A mobilização contou ainda com a presença de autoridades públicas, incluindo Mario Moreira, presidente da Fiocruz; Mario Massuda, secretário-executivo do Ministério da Saúde; e Weibe Tapeba, secretário de Saúde Indígena.
A crise climática já adoece o mundo
De acordo com os movimentos, a crise climática já compromete a saúde de milhões de brasileiros.
O aumento das temperaturas agrava casos de estresse térmico e doenças cardiovasculares; a poluição do ar intensifica quadros de asma e bronquite; e eventos extremos como enchentes e secas prolongadas comprometem o abastecimento de água, a produção de alimentos e aumentam doenças como dengue, zika e malária.
O impacto psicológico — perdas materiais, deslocamentos forçados e medo do futuro — também vem ampliando casos de ansiedade, depressão e sofrimento mental, especialmente entre populações vulneráveis.
Segundo a Organização Mundial da Saúde (OMS), entre 2030 e 2050 a crise climática será responsável por 250 mil mortes adicionais por ano, e os custos diretos com saúde devem chegar a até US$ 4 bilhões anuais até 2030.
Depoimentos
Luti Guedes, coordenador da campanha Energia dos Povos, 350.org:
“Na Amazônia, a crise climática já é uma emergência de saúde. O calor extremo, a fumaça das queimadas, a contaminação dos rios e a falta de energia nas comunidades mostram que não dá mais pra separar clima, saúde e justiça. Enquanto o governo fala de transição, a vida do povo segue em risco. A gente está aqui na COP pra dizer que cuidar da Amazônia é cuidar da saúde do Brasil e do mundo — e que essa transição só será justa se começar pelos territórios que resistem.”
Ilan Zugman, diretor para América Latina e Caribe da 350.org:
“Falar de saúde na COP é falar da vida das pessoas que estão na linha de frente da crise climática. Não existe saúde sem clima estável, nem clima estável com petróleo, gás e carvão avançando sobre os territórios. A Marcha Global Saúde e Clima é um chamado para que os governos deixem de tratar a transição energética como um debate técnico e a coloquem no centro das políticas de cuidado com a vida. Precisamos de energia limpa e acessível para todos, não de falsas soluções que adoecem o planeta.”
Evangelina Araújo, médica patologista e fundadora do Instituto Ar:
“A mudança do clima é hoje uma crise de saúde.
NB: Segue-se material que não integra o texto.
(* Let $t\geq 4$ be an even integer, let $k\geq 0$ be an integer and let $d$ be an even integer with $0\leq d<t$. Then the multiset $\{1,2^b,t^{tk+d}\}$ admits a special linear realization of type $2$ for every $b\geq t-1$ if $d\equiv 2\pmod 4$ and $t\equiv 2\pmod 4$, and for every $b\geq t-2$ otherwise.
   Context: $\{1,2^b,t^{m}\}$ is the multiset with one $1$, $b$ copies of $2$ and $m$ copies of $t$. For a multiset $L$ of positive integers with $|L|=v-1$, each at most $v-1$, a linear realization of $L$ is a Hamiltonian path $[x_0,\dots,x_{v-1}]$ of the complete graph on $\{0,\dots,v-1\}$ such that the multiset $\{|x_i-x_{i+1}|\}$ equals $L$. It is special of type $2$ if its endpoints are $0$ and $1$. *)

From mathcomp Require Import all_boot.
Set Implicit Arguments. Unset Strict Implicit. Unset Printing Implicit Defensive.

Definition absdiff (a b : nat) : nat := (a - b) + (b - a).

Definition edge_lengths (p : seq nat) : seq nat :=
  pairmap absdiff (head 0 p) (behead p).

(* a linear realization of the multiset L (given as a list, up to order):
   a Hamiltonian path of K_v on {0,...,v-1}, v = |L|+1, i.e. an ordering p of
   {0,...,v-1}, whose multiset of edge lengths equals L *)
Definition linear_realization (L : seq nat) (p : seq nat) : Prop :=
  perm_eq p (iota 0 (size L).+1) /\ perm_eq (edge_lengths p) L.

Definition special_type2 (L : seq nat) (p : seq nat) : Prop :=
  linear_realization L p /\
  ((head 0 p = 0 /\ last 0 p = 1) \/ (head 0 p = 1 /\ last 0 p = 0)).

Definition ms_1_2b_tm (b t m : nat) : seq nat := 1 :: nseq b 2 ++ nseq m t.

From mathcomp Require Import all_boot zify.
Set Implicit Arguments. Unset Strict Implicit.

(* Write t = 2h and d = 2s.  The vertices 0, ..., v-1 split into the t residue
   classes mod t, each an arithmetic progression of difference t.  A "snake"
   runs through these progressions one after the other, alternately upwards and
   downwards, so that the progressions contribute exactly t*k + d edges of
   length t.  The residues are ordered so that the snake starts at 0, ends at 1,
   and consecutive progressions are joined by edges of length 2, except for a
   single junction of length 1: this realizes {1, 2^(t-2), t^(tk+d)}.  When
   d = t = 2 (mod 4), vertex 1 is instead cut off its progression and visited
   last, which costs one more edge of length 2.
   Finally, reversing a realization from 0 to 1, shifting it up by one and
   prepending 0 adds one edge of length 2, so b can be increased at will. *)

Lemma absdiffC a b : absdiff a b = absdiff b a.
Proof. by rewrite /absdiff addnC. Qed.

Lemma absdiffDl n a b : absdiff (n + a) (n + b) = absdiff a b.
Proof. by rewrite /absdiff !subnDl. Qed.

Lemma size_edge_lengths s : size (edge_lengths s) = (size s).-1.
Proof. by case: s => [|x s] //; rewrite /edge_lengths size_pairmap. Qed.

Lemma edge_lengths_cat s1 s2 : s1 != [::] -> s2 != [::] ->
  edge_lengths (s1 ++ s2) =
  edge_lengths s1 ++ absdiff (last 0 s1) (head 0 s2) :: edge_lengths s2.
Proof.
by case: s1 => [|x s1] // _; case: s2 => [|y s2] // _; rewrite /edge_lengths /= pairmap_cat.
Qed.

Lemma edge_lengths_rcons s x : s != [::] ->
  edge_lengths (rcons s x) = rcons (edge_lengths s) (absdiff (last 0 s) x).
Proof. by move=> s0; rewrite -!cats1 edge_lengths_cat. Qed.

Lemma edge_lengths_rev s : edge_lengths (rev s) = rev (edge_lengths s).
Proof.
case: s => [|x s] //; elim: s x => [|y s IH] x //.
rewrite rev_cons edge_lengths_rcons -?size_eq0 ?size_rev // IH.
by rewrite rev_cons last_rcons absdiffC /edge_lengths /= rev_cons.
Qed.

Lemma edge_lengths_map_addn n s : edge_lengths (map (addn n) s) = edge_lengths s.
Proof.
case: s => [|x s] //; rewrite /edge_lengths /=.
by elim: s x => [|y s IH] x //=; rewrite IH absdiffDl.
Qed.

Lemma linear_realization_perm L L' p :
  perm_eq L L' -> linear_realization L p -> linear_realization L' p.
Proof.
move=> LL' [Vp Ep]; split; first by rewrite -(perm_size LL').
exact: perm_trans Ep LL'.
Qed.

Definition realization01 L p := linear_realization L p /\ head 0 p = 0 /\ last 0 p = 1.

Lemma realization01_cons2 L p :
  realization01 L p -> realization01 (2 :: L) (0 :: map (addn 1) (rev p)).
Proof.
case: p => [|x s] [[Vp Ep] [/= x0 s1]]; first by move/perm_size: Vp.
subst x; case/lastP: s Vp Ep s1 => [|u y] // Vp Ep; rewrite last_rcons => y1; subst y.
have rev_p : rev (0 :: rcons u 1) = 1 :: rcons (rev u) 0 by rewrite rev_cons rev_rcons.
split; [split | by rewrite rev_p /= map_rcons last_rcons].
- have -> : iota 0 (size (2 :: L)).+1 = 0 :: map (addn 1) (iota 0 (size L).+1).
    by rewrite -iotaDl.
  rewrite perm_cons.
  by apply: perm_map; rewrite perm_rev.
- set q := map (addn 1) _.
  have -> : edge_lengths (0 :: q) = 2 :: edge_lengths q by rewrite /q rev_p.
  by rewrite perm_cons edge_lengths_map_addn edge_lengths_rev perm_rev.
Qed.

Lemma realization01_more_twos b b' t m p : b <= b' ->
  realization01 (ms_1_2b_tm b t m) p ->
  exists p', realization01 (ms_1_2b_tm b' t m) p'.
Proof.
move=> /subnK <-; elim: (b' - b) => [|n IH] Rp; first by exists p.
have [q /realization01_cons2 [Rq q01]] := IH Rp.
exists (0 :: map (addn 1) (rev q)); split=> //.
apply: linear_realization_perm Rq; rewrite /ms_1_2b_tm addSn.
by rewrite -(cat1s 2) -(cat1s 1) perm_catCA.
Qed.

Lemma special_type2_realization01 L p : realization01 L p -> special_type2 L p.
Proof. by case=> Rp p01; split=> //; left. Qed.

Definition progression a t n := mkseq (fun i => a + t * i) n.

Lemma progressionS a t n : progression a t n.+1 = a :: progression (t + a) t n.
Proof.
rewrite /progression /mkseq /= muln0 addn0 -[iota 1 n]/(iota (1 + 0) n) iotaDl -map_comp.
by congr (_ :: _); apply: eq_map => i /=; rewrite mulnDr muln1 addnA [t + a]addnC.
Qed.

Lemma map_addn_progression d a t n :
  map (addn d) (progression a t n) = progression (d + a) t n.
Proof. by rewrite -map_comp; apply: eq_map => i /=; rewrite addnA. Qed.

Lemma last_progression a t n : last 0 (progression a t n.+1) = a + t * n.
Proof. by rewrite /progression mkseqS last_rcons. Qed.

Lemma edge_lengths_progression a t n : edge_lengths (progression a t n.+1) = nseq n t.
Proof.
elim: n a => [|n IH] a //.
rewrite progressionS -cat1s edge_lengths_cat ?progressionS // -progressionS IH.
by rewrite /= /absdiff; congr (_ :: _); lia.
Qed.

Lemma perm_flatten_cons (T : Type) (U : eqType) (f : T -> U) (g : T -> seq U) s :
  perm_eq (flatten [seq f x :: g x | x <- s]) (map f s ++ flatten (map g s)).
Proof.
elim: s => [|x s IH] //=.
by rewrite perm_cons perm_sym perm_catCA perm_cat2l perm_sym.
Qed.

Lemma residue_progressions_cover t k e : e <= t ->
  perm_eq (flatten [seq progression r t (k + (r < e)) | r <- iota 0 t])
          (iota 0 (t * k + e)).
Proof.
move=> et; elim: k => [|k IH].
  rewrite muln0 -(filter_iota_ltn 0 et) -{2}(flatten_seq1 (iota 0 t)).
  rewrite filter_flatten -map_comp (@eq_map _ _ _ (fun r => [seq x <- [:: r] | x < e])) //.
  by move=> r /=; case: (r < e); rewrite /progression /mkseq //= muln0 addn0.
rewrite (@eq_map _ _ _ (fun r => r :: map (addn t) (progression r t (k + (r < e))))); last first.
  by move=> r; rewrite addSn progressionS map_addn_progression.
apply: perm_trans (perm_flatten_cons id _ _) _.
rewrite map_id (map_comp (map (addn t)) (fun r => progression r t (k + (r < e)))).
rewrite -map_flatten mulnS -addnA iotaD perm_cat2l add0n.
have -> : iota t (t * k + e) = map (addn t) (iota 0 (t * k + e)) by rewrite -iotaDl addn0.
exact: perm_map.
Qed.

Lemma iota0S n : iota 0 n.+1 = rcons (iota 0 n) n.
Proof. by rewrite -cats1 -addn1 iotaD. Qed.

Lemma perm_flatten_merge (T : eqType) (f g : nat -> seq T) n j : j < n ->
  (forall p, p < n -> p != j -> f p = g p) -> perm_eq (g j) (f j ++ f n) ->
  perm_eq (flatten [seq f p | p <- iota 0 n.+1]) (flatten [seq g p | p <- iota 0 n]).
Proof.
move=> jn fg gj; have jI : j \in iota 0 n by rewrite mem_iota.
have rem_fg : [seq f p | p <- rem j (iota 0 n)] = [seq g p | p <- rem j (iota 0 n)].
  apply/eq_in_map => p; rewrite mem_rem_uniq ?iota_uniq // inE mem_iota => /andP [pj pn].
  exact: fg.
rewrite iota0S map_rcons -cats1 flatten_cat /= cats0.
have perm_j (F : nat -> seq T) : perm_eq (flatten [seq F p | p <- iota 0 n])
    (F j ++ flatten [seq F p | p <- rem j (iota 0 n)]).
  exact: perm_flatten (perm_map F (perm_to_rem jI)).
apply: perm_trans (perm_cat (perm_j f) (perm_refl _)) _.
rewrite perm_sym; apply: perm_trans (perm_j g) _; rewrite perm_sym.
rewrite /= rem_fg perm_sym; apply: perm_trans (perm_cat gj (perm_refl _)) _.
by apply/permP => P; rewrite !count_cat; lia.
Qed.

Lemma perm_iota_injective (c : nat -> nat) n :
  (forall p, p < n -> c p < n) -> {in gtn n &, injective c} ->
  perm_eq [seq c p | p <- iota 0 n] (iota 0 n).
Proof.
move=> c_lt c_inj; have c_uniq : uniq (mkseq c n) by apply/mkseq_uniqP.
apply: uniq_perm => //; first exact: iota_uniq.
apply: (uniq_min_size c_uniq _ _).2; last by rewrite size_map.
by move=> x /mapP [p]; rewrite !mem_iota /= => /c_lt pn ->.
Qed.

Lemma perm_one_twos (f : nat -> nat) n j : j <= n ->
  (forall p, p <= n -> f p = if p == j then 1 else 2) ->
  perm_eq [seq f p | p <- iota 0 n.+1] (1 :: nseq n 2).
Proof.
move=> jn f12; have jI : j \in iota 0 n.+1 by rewrite mem_iota.
apply: perm_trans (perm_map f (perm_to_rem jI)) _.
rewrite /= f12 // eqxx perm_cons.
suff /all_pred1P -> : all (pred1 2) [seq f p | p <- rem j (iota 0 n.+1)].
  by rewrite size_map size_rem // size_iota.
apply/allP => x /mapP [p].
rewrite mem_rem_uniq ?iota_uniq // inE mem_iota => /andP [pj pn] ->.
by rewrite f12 ?(negbTE pj).
Qed.

Section Snake.

Variables (t : nat) (base len : nat -> nat).

Definition column p :=
  let c := progression (base p) t (len p).+1 in if odd p then rev c else c.

Definition column_head p := if odd p then base p + t * len p else base p.
Definition column_last p := if odd p then base p else base p + t * len p.
Definition junction p := absdiff (column_last p) (column_head p.+1).

Definition snake n := flatten [seq column p | p <- iota 0 n].

Lemma column_neq0 p : column p != [::].
Proof. by rewrite /column progressionS; case: odd; rewrite -?size_eq0 ?size_rev. Qed.

Lemma head_column p : head 0 (column p) = column_head p.
Proof.
rewrite /column /column_head; case: odd; last by rewrite progressionS.
by rewrite /progression mkseqS rev_rcons.
Qed.

Lemma last_column p : last 0 (column p) = column_last p.
Proof.
rewrite /column /column_last; case: odd; last exact: last_progression.
by rewrite progressionS rev_cons last_rcons.
Qed.

Lemma edge_lengths_column p : edge_lengths (column p) = nseq (len p) t.
Proof.
by rewrite /column; case: odd; rewrite ?edge_lengths_rev edge_lengths_progression ?rev_nseq.
Qed.

Lemma perm_column p : perm_eq (column p) (progression (base p) t (len p).+1).
Proof. by rewrite /column; case: odd; rewrite ?perm_rev. Qed.

Lemma snakeS n : snake n.+1 = snake n ++ column n.
Proof. by rewrite /snake -addn1 iotaD map_cat flatten_cat /= cats0. Qed.

Lemma snake_neq0 n : snake n.+1 != [::].
Proof.
by rewrite snakeS -size_eq0 size_cat addn_eq0 !size_eq0 (negbTE (column_neq0 n)) andbF.
Qed.

Lemma head_snake n : head 0 (snake n.+1) = column_head 0.
Proof. by rewrite /snake /= muln0 addn0. Qed.

Lemma last_snake n : last 0 (snake n.+1) = column_last n.
Proof.
by rewrite snakeS last_cat; case: (column n) (column_neq0 n) (last_column n) => [|x s] // _ <-.
Qed.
Os efeitos são enormes: adoecimentos, mortes e um custo imenso para os sistemas de saúde. O Brasil precisa sair da inércia e se preparar. Falta planejamento, faltam protocolos, faltam planos emergenciais para enfrentar desastres como enchentes, secas e queimadas. A saúde precisa estar no centro dessa resposta, porque os impactos atingem diretamente a vida das pessoas.”
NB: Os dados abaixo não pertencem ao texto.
Section Frame.
Variables (K : fieldType) (n d : nat) (q : 'cV[K]_n) (c : 'I_n).
Hypothesis qc_neq0 : q c 0 != 0.

Definition frame (o : option 'I_n) : 'rV[K]_n :=
  if o is Some i then delta_mx 0 i - (q i 0 / q c 0) *: delta_mx 0 c
  else (q c 0)^-1 *: delta_mx 0 c.

Lemma frame_mul o : (frame o *m q) 0 0 = (o == None)%:R.
Proof.
case: o => [i|] /=; rewrite ?mulmxBl -!scalemxAl -!rowE !mxE ?mulVf //.
by rewrite divfK // subrr.
Qed.

Lemma scale_frame_mul x o : ((x *: frame o) *m q) 0 0 = x * (o == None)%:R.
Proof. by rewrite -scalemxAl mxE frame_mul. Qed.

Definition frame_coord (i : 'I_n) (o : option 'I_n) : K :=
  if o is Some j then (j == i)%:R else q i 0.

Lemma delta_frame i : delta_mx 0 i = \sum_o frame_coord i o *: frame o.
Proof.
rewrite sum_option /= (bigD1 i) //= big1 => [|j ji].
  by rewrite eqxx scale1r addr0 scalerA addrC subrK.
by rewrite (negPf ji) scale0r.
Qed.

Lemma X_frame i : 'X_i = \sum_o frame_coord i o *: lform (frame o).
Proof.
rewrite -lform_delta delta_frame linear_sum; apply: eq_bigr => o _.
exact: linearZ.
Qed.

Definition frame_monomial (b : frame_index n d) : {mpoly K[n]} :=
  \prod_j lform (frame (b j)).

Lemma pev_frame_monomial b : pev (frame_monomial b) q = (b == [ffun => None])%:R.
Proof.
rewrite /pev rmorph_prod /=; under eq_bigr do rewrite -/(pev _ q) pev_lform frame_mul.
case: eqP => [->|/eqP/lead_slotP [j _ bj]]; first by rewrite big1 // => j _; rewrite ffunE.
by rewrite (bigD1 j) //= (negPf bj) mul0r.
Qed.

Lemma prod_X_frame (s : seq 'I_n) : size s = d ->
  \prod_(i <- s) 'X_i =
  \sum_(b : frame_index n d)
    (\prod_(j < d) frame_coord (nth c s j) (b j)) *: frame_monomial b.
Proof.
move=> size_s; rewrite (big_nth c) size_s big_mkord.
under eq_bigr do rewrite X_frame.
rewrite bigA_distr_bigA; apply: eq_bigr => b _.
by rewrite -scaler_prod.
Qed.

Lemma homog_frame_span F : F \is d.-homog ->
  exists a : frame_index n d -> K, F = \sum_b a b *: frame_monomial b.
Proof.
move=> F_homog; pose a b := \sum_(m <- msupp F)
  F@_m * \prod_(j < d) frame_coord (nth c (mono_vars m) j) (b j).
exists a; rewrite {1}(mpolyE F).
under [in RHS]eq_bigr do rewrite /a scaler_suml.
rewrite exchange_big /=; apply: eq_big_seq => m m_supp.
rewrite mpolyX_vars prod_X_frame; last by rewrite size_mono_vars (dhomog_mf F_homog).
by rewrite scaler_sumr; apply: eq_bigr => b _; rewrite scalerA.
Qed.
Danielle Cruz, coordenadora do Movimento Saúde Sustentável:
“Muitas vezes, esse diálogo acontece de forma fragmentada, especialmente dentro do próprio poder público, onde as pastas são tratadas como se estivessem completamente separadas. Seguimos tratando apenas as consequências das mudanças climáticas na saúde quando, na verdade, o meio ambiente deveria ser reconhecido como parte da promoção da saúde. Essa perspectiva já está presente na nossa formação enquanto profissionais do SUS, mas ainda falta integrar essa visão à prática e às políticas públicas.”